- Sire: Zamazaan (France)
- Grandsire: Exbury (France)
- Dam: Belle Cherie (NZ)
- Damsire: Sovereign Edition (Ireland)
- Sex: Stallion
- Foaled: 6 November 1984
- Colour: Bay
- Breeder: C R Stuart
- Trainer: Bart Cummings
- Record: 28: 11:5:2
- Earnings: $2,388,675

= Beau Zam =

Australian thoroughbred racehorse

Beau Zam (6 November 1984 – 17 April 2000) was a New Zealand-bred and Australian-trained Thoroughbred racehorse that won five Group 1 races.

==Racing career==
Beau Zam was the first Australian horse to win over $2 million in stake money.

Races he won included the following:
- 1987 Hill Stakes (1750m) beating Cool Deal and Colour Page.
- 1987 AJC Spring Champion Stakes (2000m) beating Nickson and Hit Again Benny.
- 1988 Segenhoe Stakes (2000m) beating Bonhomie and Myocard.
- 1988 Tancred Stakes (2400m) beating Highland Chiefton and Vaguely Pleasant.
- 1988 AJC Derby (2400m) beating Brixton Town and Hunter.
- 1988 AJC St Leger (2800m) beating Palace Revolt and Sicilian Star.
- 1988 Queen Elizabeth II Stakes (2000m) beating Bonecrusher and Dandy Andy at Canberra in the presence of the Queen.
- 1989 Apollo Stakes (1400m) beating Eye of the Sky and Never Quit.
- 1989 Segenhoe Stakes (2000m) beating Zamakima and Research.

He was also placed:
- 2nd in the 1987 Caulfield Cup (2400m) behind Lord Reims and Cossack Warrior. Beau Zam was a 3-year old at the time.
- 2nd in the 1989 Chipping Norton Stakes (1600m) behind Flotilla and Research.
- 3rd in the 1989 Queen Elizabeth Stakes (ATC) (2000m) behind Poetic Prince and Dandy Andy.

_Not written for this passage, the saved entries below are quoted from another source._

(* For all integers $k,t\geq 2$: $\mathrm{sat}^{\star}([t]^n,C_k)\leq 2^{k-2}$, and $\mathrm{sat}^{\star}([t]^n,A_k)=\Theta(n)$ (as $n\to\infty$ with $k,t$ fixed).
   Context: For positive integers $n,t$, $[n]=\{1,\dots,n\}$ and the hypergrid $[t]^n$ is the set of functions $f:[n]\to[t]$, partially ordered by $f\leq g$ iff $f(i)\leq g(i)$ for all $i\in[n]$. An induced copy of a poset $P$ in a family $\mathcal{F}\subseteq[t]^n$ is an injective map $\phi:P\to\mathcal{F}$ such that $\phi(x)\leq\phi(y)$ iff $x\leq_P y$. A family $\mathcal{F}\subseteq[t]^n$ is induced $P$-free if it contains no induced copy of $P$; it is induced $P$-saturated if it is induced $P$-free and for every $f\in[t]^n\setminus\mathcal{F}$ the family $\mathcal{F}\cup\{f\}$ contains an induced copy of $P$. Whenever $P$ embeds as an induced subposet of $[t]^n$, $\mathrm{sat}^{\star}([t]^n,P)$ denotes the minimum size of an induced $P$-saturated family in $[t]^n$. $C_k$ denotes the chain on $k$ elements and $A_k$ the antichain on $k$ elements. *)

From mathcomp Require Import all_boot.
Set Implicit Arguments. Unset Strict Implicit. Unset Printing Implicit Defensive.

(* The hypergrid [t]^n: functions [n] -> [t], encoded as {ffun 'I_n -> 'I_t}
   (value j : 'I_t stands for j+1 in [t] = {1,...,t}). *)
Definition grid (n t : nat) := {ffun 'I_n -> 'I_t}.

Definition grid_le n t (f g : grid n t) : bool := [forall i, f i <= g i].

Beau Zam was trained by Bart Cummings and generally ridden by John Marshall. He was the Australian Horse of the Year for the 1987/88 season.

As well as winning the Queen Elizabeth II Stakes at Canberra in front of the Queen herself, Beau Zam was also ridden in track work by Princess Anne in the lead up to his AJC Derby win.

==Stud career==
After his racing career, Beau Zam stood at stud in Japan and New Zealand. In 1996 he became the foundation sire at Brighthill Farm, Waikato, New Zealand and he produced over 100 winners.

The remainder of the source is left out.